> YOUR TASK
Lines from the beginning of the data below through the one containing "C^2$ there. *)" are to be printed exactly as they appear.

====== RECORDS PROVIDED ======

(* Let $A>0$ and let $k_0$ be the largest integer strictly smaller than $\sigma$. Let $\phi(\cdot;A)$ be the solution of $$(\phi^m)''+\frac{N-1}{\xi}(\phi^m)'+\alpha\phi+\beta\xi\phi'=0,\qquad \phi(0)=A,\ \phi'(0)=0,$$ and let $B_j$ be the Taylor coefficients of $\phi^m(\cdot;A)$ at $\xi=0$. Then, as $\xi\to0$, $$f^m(\xi;A)=\sum_{j=0}^{k_0+2}B_j\xi^j+\frac{A^p}{(\sigma+2)(\sigma+N)}\xi^{\sigma+2}+o(\xi^{\sigma+2})\quad\text{if }\sigma\notin\mathbb{N},$$ and $$f^m(\xi;A)=\sum_{j=0}^{k_0+3}B_j\xi^j+\frac{A^p}{(\sigma+2)(\sigma+N)}\xi^{\sigma+2}+o(\xi^{\sigma+2})\quad\text{if }\sigma\in\mathbb{N}\ (k_0=\sigma-1).$$
   Context: Let $N\geq1$, $m>1$, $\sigma>0$, $p>m$, $L=\sigma(m-1)+2(p-1)$, $\alpha=(\sigma+2)/L$, $\beta=(p-m)/L$. For $A>0$, $f(\cdot;A)$ denotes the unique solution of $$(f^m)''+\frac{N-1}{\xi}(f^m)'+\alpha f+\beta\xi f'-\xi^{\sigma}f^p=0,\qquad f(0)=A,\ f'(0)=0,$$ positive on a maximal interval $[0,\xi_{\max}(A))$ with $f^m\in C^2$ there. *)

From Stdlib Require Import Reals Lra.
From Coquelicot Require Import Coquelicot.
Open Scope R_scope.

Definition Lc (m sigma p : R) : R := sigma * (m - 1) + 2 * (p - 1).
Definition alpha (m sigma p : R) : R := (sigma + 2) / Lc m sigma p.
Definition beta (m sigma p : R) : R := (p - m) / Lc m sigma p.

Definition is_f_solution (N : nat) (m sigma p A d : R) (f : R -> R) : Prop :=
  let u := fun x => Rpower (f x) m in
  0 < d /\
  (forall x, 0 <= x < d -> 0 < f x) /\
  f 0 = A /\
  filterlim (fun x => (f x - f 0) / x) (at_right 0) (locally 0) /\
  (forall x, 0 < x < d ->
     ex_derive f x /\ ex_derive u x /\ ex_derive (Derive u) x /\
     Derive_n u 2 x + (INR N - 1) / x * Derive u x
       + alpha m sigma p * f x + beta m sigma p * x * Derive f x
       - Rpower x sigma * Rpower (f x) p = 0) /\
  (* f^m is C^2 up to xi = 0: u, u', u'' extend continuously to 0,
     the extensions being the one-sided derivatives at 0 *)
  (exists l1 l2 : R,
     filterlim (Derive u) (at_right 0) (locally l1) /\
     filterlim (Derive_n u 2) (at_right 0) (locally l2) /\
     filterlim (fun x => (u x - u 0) / x) (at_right 0) (locally l1) /\
     filterlim (fun x => (Derive u x - l1) / x) (at_right 0) (locally l2)).

(* phi is a solution of the source-free problem
     (phi^m)'' + (N-1)/xi (phi^m)' + alpha phi + beta xi phi' = 0,
     phi(0) = A, phi'(0) = 0,
   on (0,d), positive, with phi^m (extended to (-d,d)) infinitely
   differentiable, so that its Taylor coefficients at 0 make sense. *)
Definition is_phi_solution (N : nat) (m sigma p A d : R) (phi : R -> R) : Prop :=
  let g := fun x => Rpower (phi x) m in
  0 < d /\
  (forall x, - d < x < d -> 0 < phi x) /\
  (forall n x, - d < x < d -> ex_derive_n g n x) /\
  phi 0 = A /\
  ex_derive phi 0 /\ Derive phi 0 = 0 /\
  (forall x, 0 < x < d ->
     ex_derive phi x /\
     Derive_n g 2 x + (INR N - 1) / x * Derive g x
       + alpha m sigma p * phi x + beta m sigma p * x * Derive phi x = 0).

Definition taylorB (m : R) (phi : R -> R) (j : nat) : R :=
  Derive_n (fun x => Rpower (phi x) m) j 0 / INR (Factorial.fact j).

Definition little_o_right (h : R -> R) (e : R) : Prop :=
  filterlim (fun x => h x / Rpower x e) (at_right 0) (locally 0).

From Stdlib Require Import Reals Lra Lia.
From Coquelicot Require Import Coquelicot.
Open Scope R_scope.

(* Write u = f^m, g = phi^m and w = u - g.  Subtracting the two equations, in the radial form
   (x^(N-1) v')' = x^(N-1) (v'' + (N-1)/x v'), gives
     (x^(N-1) w')' = x^(N-1) (x^sigma f^p + E),   E = - alpha (f - phi) - beta x (f' - phi'),
   and |E| <= K (|w| + x |w'|) near 0 because f = u^(1/m), phi = g^(1/m) with u, g close to A^m.
   Integrating twice from 0, bounds |w|, x |w'| = O(x^a) improve to O(x^(a+2)) as long as
   a <= sigma, so after finitely many steps E = o(x^sigma); two more integrations then give
   w = A^p x^(sigma+2) / ((sigma+2)(sigma+N)) + o(x^(sigma+2)).  Finally g is smooth at 0, so its
   Taylor polynomial of degree k0+2 (k0+3 if sigma is an integer) is g + o(x^(sigma+2)). *)

Notation rlim h L := (filterlim h (at_right 0) (locally L)).

Lemma Rpower_pos (x r : R) : 0 < Rpower x r.
Proof. apply exp_pos. Qed.

Lemma Rpower_nat_plus (x s : R) (n : nat) : 0 < x -> Rpower x (INR n + s) = x ^ n * Rpower x s.
Proof. intros Hx. rewrite Rpower_plus, Rpower_pow by exact Hx. reflexivity. Qed.

Lemma Rpower_le_small_base (x a b : R) : 0 < x <= 1 -> b <= a -> Rpower x a <= Rpower x b.
Proof.
  intros Hx Hab. unfold Rpower.
  assert (ln x <= 0) by (rewrite <- ln_1; apply ln_le; lra).
  destruct (Rle_lt_or_eq_dec (a * ln x) (b * ln x)) as [Hlt | ->]; [nra | | lra].
  left. apply exp_increasing, Hlt.
Qed.

Lemma Rpower_le_ends (y r c C : R) : 0 < c -> c <= y <= C ->
  Rpower y r <= Rpower c r + Rpower C r.
Proof.
  intros Hc Hy. generalize (Rpower_pos c r) (Rpower_pos C r). intros Pc PC.
  destruct (Rle_lt_dec 0 r).
  - assert (Rpower y r <= Rpower C r) by (apply Rle_Rpower_l; lra). lra.
  - assert (Hinv : Rpower c (- r) <= Rpower y (- r)) by (apply Rle_Rpower_l; lra).
    apply Rinv_le_contravar in Hinv; [|apply Rpower_pos].
    rewrite !Rpower_Ropp, !Rinv_inv in Hinv. lra.
Qed.

Lemma Rpower_Rpower_inv (y m : R) : 0 < y -> m <> 0 -> Rpower (Rpower y m) (1 / m) = y.
Proof.
  intros Hy Hm. rewrite Rpower_mult. replace (m * (1 / m)) with 1 by (field; exact Hm).
  apply Rpower_1, Hy.
Qed.

Lemma is_derive_Rpower (t r : R) : 0 < t ->
  is_derive (fun x => Rpower x r) t (r * Rpower t (r - 1)).
Proof. intros Ht. apply is_derive_Reals, derivable_pt_lim_power, Ht. Qed.

Lemma is_derive_Rpower_comp (F : R -> R) (x l r : R) : 0 < F x -> is_derive F x l ->
  is_derive (fun t => Rpower (F t) r) x (r * Rpower (F x) (r - 1) * l).
Proof.
  intros Hpos HD.
  assert (H := is_derive_comp (fun y => Rpower y r) F x _ _ (is_derive_Rpower (F x) r Hpos) HD).
  replace (r * Rpower (F x) (r - 1) * l) with (scal l (r * Rpower (F x) (r - 1))); [exact H|].
  unfold scal; simpl; unfold mult; simpl. ring.
Qed.

Lemma continuous_Rpower (a r : R) : 0 < a -> continuous (fun y => Rpower y r) a.
Proof.
  intros Ha. apply (ex_derive_continuous (K:=R_AbsRing) (V:=R_NormedModule)).
  eexists. apply is_derive_Rpower, Ha.
Qed.

Lemma Derive_of_Derive_Rpower (h : R -> R) (y m : R) : m <> 0 -> 0 < h y -> ex_derive h y ->
  Derive h y = Derive (fun t => Rpower (h t) m) y * Rpower (Rpower (h y) m) ((1 - m) / m) / m.
Proof.
  intros Hm Hy Hex.
  replace (Derive (fun t => Rpower (h t) m) y) with (m * Rpower (h y) (m - 1) * Derive h y)
    by (symmetry; apply is_derive_unique, is_derive_Rpower_comp, Derive_correct; assumption).
  rewrite Rpower_mult.
  replace (m * Rpower (h y) (m - 1) * Derive h y * Rpower (h y) (m * ((1 - m) / m)) / m)
    with (Derive h y * (Rpower (h y) (m - 1) * Rpower (h y) (m * ((1 - m) / m))))
    by (field; exact Hm).
  rewrite <- Rpower_plus. replace (m - 1 + m * ((1 - m) / m)) with 0 by (field; exact Hm).
  rewrite Rpower_O by exact Hy. ring.
Qed.

Definition Rpower_lip (r c C : R) : R := Rabs r * (Rpower c (r - 1) + Rpower C (r - 1)).

Lemma Rpower_lip_ge0 (r c C : R) : 0 <= Rpower_lip r c C.
Proof.
  apply Rmult_le_pos; [apply Rabs_pos|].
  generalize (Rpower_pos c (r - 1)) (Rpower_pos C (r - 1)); lra.
Qed.

Lemma Rpower_lipschitz (y z r c C : R) : 0 < c -> c <= y <= C -> c <= z <= C ->
  Rabs (Rpower y r - Rpower z r) <= Rpower_lip r c C * Rabs (y - z).
Proof.
  intros Hc Hy Hz.
  assert (Hmin := Rmin_glb z y c (proj1 Hz) (proj1 Hy)).
  assert (Hmax := Rmax_lub z y C (proj2 Hz) (proj2 Hy)).
  destruct (MVT_gen (fun t => Rpower t r) z y (fun t => r * Rpower t (r - 1))) as [e [He Heq]].
  - intros t Ht. apply is_derive_Rpower. lra.
  - intros t Ht. apply continuity_pt_filterlim, (ex_derive_continuous (fun t => Rpower t r)).
    eexists. apply is_derive_Rpower. lra.
  - rewrite Heq, Rabs_mult, Rabs_mult, (Rabs_pos_eq (Rpower e _)) by (left; apply Rpower_pos).
    unfold Rpower_lip. apply Rmult_le_compat_r; [apply Rabs_pos|].
    apply Rmult_le_compat_l; [apply Rabs_pos|]. apply Rpower_le_ends; lra.
Qed.

Lemma mul_Rpower_lipschitz (y z dy dz r c C : R) :
  0 < c -> c <= y <= C -> c <= z <= C -> Rabs dz <= 1 ->
  Rabs (dy * Rpower y r - dz * Rpower z r)
  <= (Rpower c r + Rpower C r) * Rabs (dy - dz) + Rpower_lip r c C * Rabs (y - z).
Proof.
  intros Hc Hy Hz Hdz.
  replace (dy * Rpower y r - dz * Rpower z r)
    with ((dy - dz) * Rpower y r + dz * (Rpower y r - Rpower z r)) by ring.
  eapply Rle_trans; [apply Rabs_triang|]. rewrite !Rabs_mult.
  rewrite (Rabs_pos_eq (Rpower y r)) by (left; apply Rpower_pos).
  assert (Rpower y r <= Rpower c r + Rpower C r) by (apply Rpower_le_ends; lra).
  assert (Hlip := Rpower_lipschitz y z r c C Hc Hy Hz).
  generalize (Rabs_pos (dy - dz)) (Rabs_pos (Rpower y r - Rpower z r)). intros.
  nra.
Qed.

Lemma at_right0_iff (P : R -> Prop) :
  at_right 0 P <-> exists del, 0 < del /\ forall x, 0 < x < del -> P x.
Proof.
  split.
  - intros [del Hdel]. exists del. split; [apply cond_pos|].
    intros x Hx. apply Hdel; [|lra].
    change (Rabs (x - 0) < del). rewrite Rminus_0_r, Rabs_pos_eq; lra.
  - intros (del & Hdel & HP). exists (mkposreal del Hdel). intros x Hx Hx0.
    change (Rabs (x - 0) < del) in Hx. rewrite Rminus_0_r, Rabs_pos_eq in Hx by lra.
    apply HP; lra.
Qed.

======

> RESULT
(* Let $A>0$ and let $k_0$ be the largest integer strictly smaller than $\sigma$. Let $\phi(\cdot;A)$ be the solution of $$(\phi^m)''+\frac{N-1}{\xi}(\phi^m)'+\alpha\phi+\beta\xi\phi'=0,\qquad \phi(0)=A,\ \phi'(0)=0,$$ and let $B_j$ be the Taylor coefficients of $\phi^m(\cdot;A)$ at $\xi=0$. Then, as $\xi\to0$, $$f^m(\xi;A)=\sum_{j=0}^{k_0+2}B_j\xi^j+\frac{A^p}{(\sigma+2)(\sigma+N)}\xi^{\sigma+2}+o(\xi^{\sigma+2})\quad\text{if }\sigma\notin\mathbb{N},$$ and $$f^m(\xi;A)=\sum_{j=0}^{k_0+3}B_j\xi^j+\frac{A^p}{(\sigma+2)(\sigma+N)}\xi^{\sigma+2}+o(\xi^{\sigma+2})\quad\text{if }\sigma\in\mathbb{N}\ (k_0=\sigma-1).$$
   Context: Let $N\geq1$, $m>1$, $\sigma>0$, $p>m$, $L=\sigma(m-1)+2(p-1)$, $\alpha=(\sigma+2)/L$, $\beta=(p-m)/L$. For $A>0$, $f(\cdot;A)$ denotes the unique solution of $$(f^m)''+\frac{N-1}{\xi}(f^m)'+\alpha f+\beta\xi f'-\xi^{\sigma}f^p=0,\qquad f(0)=A,\ f'(0)=0,$$ positive on a maximal interval $[0,\xi_{\max}(A))$ with $f^m\in C^2$ there. *)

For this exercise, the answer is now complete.